Stanley Elkin Long Fiction Analysis
Often erroneously categorized as a “black humorist,” Stanley Elkin wrote novels and short stories that bristle with a kind of modern satiric language and a blending of the ordinary and the bizarre that characterize much of the black humor that emerged in the 1960’s. Unlike contemporaries such as Joseph Heller, J. P. Donleavy, and Kurt Vonnegut, however, Elkin did not produce works that are particularly pessimistic or given to excessive lamentations over the inadequacies of contemporary culture. The world Elkin depicts in his fiction is indeed bleak, desolate, and unforgiving, but Elkin’s characters always seem to manage somehow, always seem to exhibit a certain kind of moral fortitude that enables them to persevere.

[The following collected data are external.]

(* Let $G$ be a finite group. If $\mathcal{C}$ is a cycle of $\mathcal{P}(G)$ with maximum length, then $\ell(\mathcal{C})\geq w_G+1$. Moreover, if equality holds, then for every path $\mathcal{W}=c_1,\dots,c_k$ in $\mathcal{P}^*(G)/\mathtt{N}$ of maximum $\mathtt{N}$-weight, and for every $i\in\{2,\dots,k-1\}$ with $|c_i|\geq2$, there is no vertex $y$ of $\mathcal{P}^*(G)/\mathtt{N}$ with $y\notin\{c_1,\dots,c_k\}$, $y$ equal or adjacent to $c_i$, and $|y|\geq2$.
   Context: The power graph $\mathcal{P}(G)$ has vertex set $G$, and distinct $x,y$ are adjacent iff one is a positive integer power of the other; $\mathcal{P}^*(G)$ is its subgraph induced on $G\setminus\{1\}$. $N[x]$ is the closed neighbourhood of $x$ in $\mathcal{P}(G)$, and $x\mathtt{N}y$ iff $N[x]=N[y]$. $\mathcal{P}^*(G)/\mathtt{N}$ is the quotient graph whose vertices are the $\mathtt{N}$-classes of elements of $G\setminus\{1\}$, two distinct classes being adjacent iff some element of one is adjacent in $\mathcal{P}^*(G)$ to some element of the other. A path is a sequence of distinct vertices with consecutive ones adjacent; a cycle is a cyclic such sequence of $k\ge3$ distinct vertices, with length $\ell$ its number of edges. The $\mathtt{N}$-weight of a path $\mathcal{W}$ in $\mathcal{P}^*(G)/\mathtt{N}$ is $w_{\mathtt{N}}(\mathcal{W})=\sum_{c\in V_{\mathcal{W}}}|c|$, and $w_G$ is the maximum $\mathtt{N}$-weight of a path in $\mathcal{P}^*(G)/\mathtt{N}$. *)

From mathcomp Require Import all_boot all_fingroup.
From mathcomp Require Import boolp.
Set Implicit Arguments. Unset Strict Implicit. Unset Printing Implicit Defensive.
Local Open Scope group_scope.

Section PowerGraph.
Variable gT : finGroupType.

Definition is_pow (x y : gT) : Prop := exists n : nat, (0 < n)%N /\ y = x ^+ n.

(* adjacency in the power graph P(G), G = the whole group gT *)
Definition padj (x y : gT) : bool := (x != y) && `[< is_pow x y \/ is_pow y x >].

Definition cnbhd (x : gT) : {set gT} := [set y | (y == x) || padj x y].

Definition Nclass (x : gT) : {set gT} := [set y | (y != 1) && (cnbhd y == cnbhd x)].

Definition qvert (c : {set gT}) : bool := [exists x, (x != 1) && (c == Nclass x)].

Definition qadj (c d : {set gT}) : bool :=
  (c != d) && [exists x in c, exists y in d, padj x y].

Definition qpath (s : seq {set gT}) : bool :=
  [&& (0 < size s)%N, all qvert s, uniq s & sorted qadj s].

Definition Nweight (s : seq {set gT}) : nat := \sum_(c <- s) #|c|.

(* w_G : maximum N-weight of a path (paths have at most #|{set gT}| vertices) *)
Definition wG : nat :=
  \max_(n < #|{set gT}|.+1) \max_(t : n.-tuple {set gT} | qpath t) Nweight t.

(* a cycle of P(G): k >= 3 distinct vertices, cyclically consecutive adjacent;
   its length (number of edges) is size s *)
Definition pcycle (s : seq gT) : bool := [&& (2 < size s)%N, uniq s & path.cycle padj s].

Definition max_pcycle (s : seq gT) : Prop :=
  pcycle s /\ forall s' : seq gT, pcycle s' -> (size s' <= size s)%N.

End PowerGraph.

From mathcomp Require Import all_boot all_fingroup.
From mathcomp Require Import boolp zify.
Set Implicit Arguments. Unset Strict Implicit. Unset Printing Implicit Defensive.

(** Listing the identity followed by the elements of the classes c_1, ..., c_k
    of a path of P*(G)/N, class after class, gives a cycle of P(G) of length
    w_N(c_1, ..., c_k) + 1: every N-class is a clique, the elements of two
    adjacent classes are pairwise adjacent, and the identity is adjacent to
    every other element.  If the bound is attained and a class y outside the
    path is adjacent to a class c_i containing two elements, pick a in c_i;
    the detour c_1, ..., c_(i-1), {a}, y, c_i \ {a}, c_(i+1), ..., c_k gives
    a cycle longer by |y|, contradicting maximality. *)

Section SortedSeq.
Variables (T : eqType) (r : rel T).

Lemma sorted_flatten (ss : seq (seq T)) :
  all (fun s => s != [::]) ss -> all (sorted r) ss -> sorted (allrel r) ss ->
  sorted r (flatten ss).
Proof.
elim: ss => [|s ss IH] //= /andP [s0 ss0] /andP [rs rss] r_ss.
have {IH} r_flat := IH ss0 rss (path_sorted r_ss).
case: s s0 rs r_ss => [|x s] //= _ rs r_ss.
rewrite cat_path rs /=; case: ss {rss} ss0 r_ss r_flat => [|[|y t] ss] //= _.
case/andP=> /allrelP r_st _ ->; rewrite andbT.
by apply: r_st; rewrite ?mem_last ?mem_head.
Qed.

Lemma sorted_detour s1 s2 x y : r x y -> r y x ->
  sorted r (s1 ++ x :: s2) -> sorted r (s1 ++ [:: x, y, x & s2]).
Proof. by move=> rxy ryx; rewrite !sorted_cat_cons /= rxy ryx. Qed.

Lemma sorted_cat_cons_weaken s1 s2 x x' :
  (forall z, r z x -> r z x') -> (forall z, r x z -> r x' z) ->
  sorted r (s1 ++ x :: s2) -> sorted r (s1 ++ x' :: s2).
Proof.
move=> rx rx'; rewrite !sorted_cat_cons => /andP [r1 r2]; apply/andP; split.
  by case: s1 r1 => [|z s1] //=; rewrite !rcons_path => /andP [-> /rx].
by case: s2 r2 => [|z s2] //= /andP [/rx' -> ->].
Qed.

End SortedSeq.

Section SetBlocks.
Variables (T : finType) (r : rel T).
Implicit Types (A B c y : {set T}) (S : seq {set T}).

Definition clique A := {in A &, forall x z, x != z -> r x z}.

Definition joined A B := allrel r (enum A) (enum B).

Definition flat_enum S : seq T := flatten [seq enum A | A <- S].

Definition detour S1 S2 a c y := S1 ++ [:: [set a], y, c :\ a & S2].

Lemma joinedP A B : reflect {in A & B, forall x z, r x z} (joined A B).
Proof.
apply: (iffP allrelP) => rAB x z xA zB; apply: rAB; by rewrite ?mem_enum in xA zB *.
Qed.

Lemma joinedS A B A' B' :
  A' \subset A -> B' \subset B -> joined A B -> joined A' B'.
Proof.
move=> /subsetP sA /subsetP sB /joinedP rAB; apply/joinedP => x z /sA xA /sB.
exact: rAB.
Qed.

Lemma sorted_joined_subset S1 S2 A B : B \subset A ->
  sorted joined (S1 ++ A :: S2) -> sorted joined (S1 ++ B :: S2).
Proof. by move=> sBA; apply: sorted_cat_cons_weaken => C; apply: joinedS. Qed.

Lemma cliqueS A B : A \subset B -> clique B -> clique A.
Proof. by move=> /subsetP sAB rB x z /sAB xB /sAB; apply: rB. Qed.

Lemma sorted_enum_clique A : clique A -> sorted r (enum A).
Proof.
move=> rA; apply: pairwise_sorted.
have : pairwise [rel x z | x != z] (enum A) by rewrite -uniq_pairwise enum_uniq.
apply: (sub_in_pairwise (P := mem A)); first exact: rA.
by apply/allP => x; rewrite mem_enum.
Qed.

Lemma sorted_flat_enum S :
  {in S, forall A, A != set0 /\ clique A} -> sorted joined S -> sorted r (flat_enum S).
Proof.
move=> blocks jS; apply: sorted_flatten; rewrite ?all_map ?sorted_map //.
  apply/allP => A /blocks [/set0Pn [x xA] _] /=.
  by apply/eqP => eA; rewrite -mem_enum eA in xA.
by apply/allP => A /blocks [_ /sorted_enum_clique].
Qed.

Lemma size_flat_enum S : size (flat_enum S) = \sum_(A <- S) #|A|.
Proof.
elim: S => [|A S IH]; first by rewrite big_nil.
by rewrite big_cons -IH cardE -size_cat.
Qed.

Lemma mem_flat_enum S x : (x \in flat_enum S) = has (fun A => x \in A) S.
Proof.
apply/flatten_mapP/hasP => [[A AS]|[A AS xA]]; first by rewrite mem_enum; exists A.
by exists A; rewrite ?mem_enum.
Qed.

Lemma uniq_flat_enum S :
  uniq S -> {in S &, forall A B, A != B -> [disjoint A & B]} ->
  uniq (flat_enum S).
Proof.
elim: S => [|A S IH] // /andP [AS uS] dS.
change (uniq (enum A ++ flat_enum S)); rewrite cat_uniq enum_uniq IH //; last first.
  by move=> B C BS CS; apply: dS; rewrite inE ?BS ?CS orbT.
rewrite andbT /=; apply/hasPn => x; rewrite mem_flat_enum mem_enum => /hasP [B BS xB].
have AB : A != B by apply: contraNneq AS => ->.
by rewrite (disjointFl (dS _ _ (mem_head _ _) _ AB) xB) // inE BS orbT.
Qed.

Lemma perm_enum_setD1 A a : a \in A -> perm_eq (enum A) (a :: enum (A :\ a)).
Proof.
move=> aA; apply: uniq_perm; rewrite ?enum_uniq //=.
  by rewrite mem_enum setD11 enum_uniq.
by move=> x; rewrite inE !mem_enum in_setD1; case: eqP => [->|].
Qed.

Lemma perm_flat_enum_detour S1 S2 a c y : a \in c ->
  perm_eq (flat_enum (detour S1 S2 a c y)) (flat_enum (y :: S1 ++ c :: S2)).
Proof.
move=> ac; apply/seq.permP => p.
rewrite /flat_enum /detour /= !map_cat !flatten_cat /= !count_cat.
rewrite (seq.permP (perm_enum_setD1 ac)) enum_set1 /= addn0.
by rewrite [p a + (_ + _)]addnCA addnCA -[p a + _ + _]addnA.
Qed.

Lemma sorted_flat_enum_detour S1 S2 a c y :
  a \in c -> 1 < #|c| -> {in y :: S1 ++ c :: S2, forall A, A != set0 /\ clique A} ->
  joined c y -> joined y c -> sorted joined (S1 ++ c :: S2) ->
  sorted r (flat_enum (detour S1 S2 a c y)).
Proof.
move=> ac c_gt1 blocks jcy jyc sS.
have [_ cc] : c != set0 /\ clique c.
  by apply: blocks; rewrite !(in_cons, mem_cat) eqxx !orbT.
have ac1 : [set a] \subset c by rewrite sub1set.
apply: sorted_flat_enum => [A|].
  rewrite mem_cat !inE => /orP [AS1 | /or4P [/eqP -> | /eqP -> | /eqP -> | AS2]].
  - by apply: blocks; rewrite in_cons mem_cat AS1 orbT.
  - by split; [apply/set0Pn; exists a; rewrite inE | apply: cliqueS ac1 cc].
  - by apply: blocks; rewrite mem_head.
  - split; last exact: cliqueS (subD1set c a) cc.
    by rewrite -card_gt0; rewrite (cardsD1 a c) ac add1n ltnS in c_gt1.
  - by apply: blocks; rewrite in_cons mem_cat in_cons AS2 !orbT.
(* Shrink the two copies of c in S1 ++ [:: c, y, c & S2] to {a} and c :\ a. *)
move/(sorted_detour jcy jyc)/(sorted_joined_subset ac1): sS.
have splitS d : S1 ++ [:: [set a], y, d & S2] = (S1 ++ [:: [set a]; y]) ++ d :: S2.
  by rewrite -catA.
by rewrite /detour !splitS; apply: sorted_joined_subset (subD1set c a).
Qed.

End SetBlocks.

Section PowerGraph.
Variable gT : finGroupType.
Local Open Scope group_scope.
Implicit Types (x u v : gT) (s C : seq gT) (c d y : {set gT}) (S W : seq {set gT}).

Lemma padjC : symmetric (@padj gT).
Proof.
by move=> x u; rewrite /padj eq_sym; congr (_ && _); apply/asboolP/asboolP; tauto.
Qed.

Lemma padj1 x : x != 1 -> padj 1 x.
Proof.
move=> x1; rewrite /padj eq_sym x1; apply/asboolP; right.
by exists #[x]; rewrite order_gt0 expg_order.
Qed.

Lemma pcycle_cons1 s :
  1 < size s -> uniq s -> 1 \notin s -> sorted (@padj gT) s -> pcycle (1 :: s).
Proof.
case: s => [|x s] // s_gt1 us s1 /= ps.
have neq1 z : z \in x :: s -> z != 1 by move=> zs; apply: contraNneq s1 => <-.
rewrite /pcycle cons_uniq s1 us /= rcons_path ps padj1 ?neq1 ?mem_head //=.
by rewrite padjC padj1 ?neq1 ?mem_last ?andbT.
Qed.

Lemma qvert_Nclass c u : qvert c -> u \in c -> u != 1 /\ c = Nclass u.
Proof.
case/existsP => x /andP [_ /eqP ->]; rewrite inE => /andP [u1 /eqP Nux].
by split=> //; apply/setP => z; rewrite !inE Nux.
Qed.

Lemma qvert_eq c d u : qvert c -> qvert d -> u \in c -> u \in d -> c = d.
Proof. by move=> qc qd /(qvert_Nclass qc) [_ ->] /(qvert_Nclass qd) [_ ->]. Qed.

Lemma qvert_neq0 c : qvert c -> c != set0.
Proof.
by case/existsP => x /andP [x1 /eqP ->]; apply/set0Pn; exists x; rewrite inE x1 eqxx.
Qed.

Lemma qvert_no1 c : qvert c -> 1 \notin c.
Proof. by move=> qc; apply/negP => /(qvert_Nclass qc) []; rewrite eqxx. Qed.

Lemma qvert_cnbhd c u v : qvert c -> u \in c -> v \in c -> cnbhd u = cnbhd v.
Proof.
move=> qc /(qvert_Nclass qc) [_ ->]; rewrite inE.
by case/andP=> _ /eqP ->.
Qed.

Lemma qvert_padj c x u v : qvert c -> x \in c -> u \in c -> v \notin c ->
  padj x v -> padj u v.
Proof.
move=> qc xc uc vc pxv.
have : v \in cnbhd u by rewrite (qvert_cnbhd qc uc xc) inE pxv orbT.
by rewrite inE => /orP [/eqP vu|//]; rewrite vu uc in vc.
Qed.

Lemma qvert_clique c : qvert c -> clique (@padj gT) c.
Proof.
move=> qc u v uc vc vu.
have : v \in cnbhd u by rewrite (qvert_cnbhd qc uc vc) inE eqxx.
by rewrite inE eq_sym (negbTE vu).
Qed.

Lemma qvert_block c : qvert c -> c != set0 /\ clique (@padj gT) c.
Proof. by move=> qc; split; [apply: qvert_neq0 | apply: qvert_clique]. Qed.

Lemma qadjC : symmetric (@qadj gT).
Proof.
move=> c d; rewrite /qadj eq_sym; congr (_ && _).
by apply/existsP/existsP => -[x /andP [xA /existsP [y /andP [yB pxy]]]];
  exists y; rewrite yB /=; apply/existsP; exists x; rewrite xA padjC.
Qed.

Lemma qvert_notin c d u : qvert c -> qvert d -> c != d -> u \in c -> u \notin d.
Proof. by move=> qc qd cd uc; apply: contra cd => ud; rewrite (qvert_eq qc qd uc ud). Qed.

Lemma qadj_joined c d : qvert c -> qvert d -> qadj c d -> joined (@padj gT) c d.
Proof.
move=> qc qd /andP [cd /existsP [x /andP [xc /existsP [y /andP [yd pxy]]]]].
have dc : d != c by rewrite eq_sym.
apply/joinedP => u v uc vd.
have puy : padj u y := qvert_padj qc xc uc (qvert_notin qd qc dc yd) pxy.
by rewrite padjC (qvert_padj qd yd vd (qvert_notin qc qd cd uc)) // padjC.
Qed.

Lemma sorted_qadj_joined S :
  all (@qvert gT) S -> sorted (@qadj gT) S -> sorted (joined (@padj gT)) S.
Proof. by apply: sub_in_sorted => c d; apply: qadj_joined. Qed.

Lemma uniq_flat_enum_qvert S : all (@qvert gT) S -> uniq S -> uniq (flat_enum S).
Proof.
move=> /allP qS uS; apply: uniq_flat_enum => // c d /qS qc /qS qd cd.
by rewrite disjoint_subset; apply/subsetP => u uc; rewrite inE (qvert_notin qc qd).
Qed.

Lemma one_notin_flat_enum S : all (@qvert gT) S -> 1 \notin flat_enum S.
Proof.
by move=> /allP qS; rewrite mem_flat_enum; apply/hasPn => c /qS /qvert_no1.
Qed.

Lemma pcycle_qpath W : qpath W -> 1 < Nweight W -> pcycle (1 :: flat_enum W).
Proof.
case/and4P => _ qW uW sW wW; apply: pcycle_cons1.
- by rewrite size_flat_enum.
- exact: uniq_flat_enum_qvert.
- exact: one_notin_flat_enum.
by apply: sorted_flat_enum (sorted_qadj_joined qW sW) => c /(allP qW) /qvert_block.
Qed.

Lemma Nweight_lt_max_pcycle C W : max_pcycle C -> qpath W -> Nweight W < size C.
Proof.
case=> /and3P [C3 _ _] Cmax qW; case: (leqP (Nweight W) 1) => [|wW]; first by lia.
by have := Cmax _ (pcycle_qpath qW wW); rewrite /= size_flat_enum.
Qed.

Lemma wG_lt_max_pcycle C : max_pcycle C -> wG gT < size C.
Proof.
move=> mC; have [/and3P [C3 _ _] _] := mC.
suff : wG gT <= (size C).-1 by lia.
apply/bigmax_leqP => n _; apply/bigmax_leqP => t qt.
by have := Nweight_lt_max_pcycle mC qt; lia.
Qed.

Lemma pcycle_qpath_detour W c y :
  qpath W -> c \in W -> 1 < #|c| -> qvert y -> y \notin W -> qadj y c ->
  exists2 s : seq gT, pcycle s & size s = (#|y| + Nweight W).+1.
Proof.
case/and4P => _ qW uW sW cW c_gt1 qy yW yc.
have [a [_ [ac _ _]]] := card_gt1P c_gt1.
have qc := allP qW c cW; have cy : qadj c y by rewrite qadjC.
case/splitPr: cW qW uW sW yW => W1 W2 qW uW sW yW.
have qyW : all (@qvert gT) (y :: W1 ++ c :: W2) by rewrite /= qy.
have permD := perm_flat_enum_detour W1 W2 y ac.
have sizeD : size (flat_enum (detour W1 W2 a c y)) = #|y| + Nweight (W1 ++ c :: W2).
  by rewrite (perm_size permD) size_flat_enum big_cons.
exists (1 :: flat_enum (detour W1 W2 a c y)); last by rewrite /= sizeD.
apply: pcycle_cons1.
- rewrite sizeD /Nweight big_cat big_cons /= !addnA -addnA.
  exact: leq_trans c_gt1 (leq_trans (leq_addr _ _) (leq_addl _ _)).
- by rewrite (perm_uniq permD) uniq_flat_enum_qvert //= yW.
- by rewrite (perm_mem permD) one_notin_flat_enum.
apply: sorted_flat_enum_detour ac c_gt1 _ (qadj_joined qc qy cy)
  (qadj_joined qy qc yc) (sorted_qadj_joined qW sW).
by move=> A /(allP qyW) /qvert_block.
Qed.

End PowerGraph.

Theorem mainTheorem5 (gT : finGroupType) (C : seq gT) :
  max_pcycle C ->
  (wG gT).+1 <= size C /\
  (size C = (wG gT).+1 ->
   forall W : seq {set gT}, qpath W -> Nweight W = wG gT ->
   forall i : nat, 0 < i < (size W).-1 -> 2 <= #|nth set0 W i| ->
   ~ (exists y : {set gT},
        [/\ qvert y, y \notin W,
            y = nth set0 W i \/ qadj y (nth set0 W i) & 2 <= #|y|])).
Proof.
move=> mC; split; first exact: wG_lt_max_pcycle.
move=> sC W qW wW i /andP [_ iW] c_gt1 [y [qy yW yc _]].
have ciW : nth set0 W i \in W by rewrite mem_nth // (leq_trans iW (leq_pred _)).
case: yc => [yc|yc]; first by rewrite yc ciW in yW.
have [s ps size_s] := pcycle_qpath_detour qW ciW c_gt1 qy yW yc.
have := mC.2 _ ps; rewrite size_s sC wW; have := qvert_neq0 qy.
by rewrite -card_gt0; lia.
Qed.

It is Elkin’s treatment of his characters that is perhaps the most striking element in his fiction, causing his work to stand apart from that of the black humorists. Unlike many of his contemporaries, Elkin does not disrespect the characters he satirizes, even when those characters have despicable traits or engage in criminal—even cruel—behavior. In addition, his characters have the ability to make moral choices, a characteristic lacking in most protagonists in works of black humor. Despite Elkin’s elaborate, artful characterizations, however, his fiction—because of his overpowering style, his artful use of language and metaphor (far beyond the characters to which he typically ascribes the gift of language), and his lack of emphasis on plot—has been somewhat of an enigma to literary scholars, who have struggled to understand the significance of his works and their place in the context of contemporary American literature.
Boswell
Elkin’s first novel, Boswell, centers on the protagonist James Boswell, conceived as a loose parody of the eighteenth century biographer who pursued the most eminent man in the London of his day, Samuel Johnson, eventually befriending him and writing his biography. Elkin’s Boswell is also a pursuer of celebrities, but in twentieth century America, the task is more complicated—and the reasons for undertaking the task more pathological. Boswell is obsessed with death: the certainty of death and the prospect of having lived a meaningless life. In this regard, Boswell seems almost existential in nature. Unlike the earlier existential novelists, however, and unlike Elkin’s contemporaries, who often see life in the modern world as vacuous and absurd, Elkin pushes past this categorization, causing his protagonist to make a life-affirming gesture, to take from the confusion and chaos of modern life some organizing principle, or affirmative stance, that can overcome his oppressive feelings of meaninglessness. In Boswell’s case, as he stands outside, unable to cross the police barrier in front of the hotel where celebrities are gathering at his own request, he finally comes to understand the inherent injustice of a world that gives special status, even immortal status, to certain individuals while others are left in meaningless obscurity. The novel ends with Boswell’s uncharacteristically democratic gesture: He begins to shout opposition to these celebrities, choosing to remain an outsider just on the eve of his acceptance into their circle.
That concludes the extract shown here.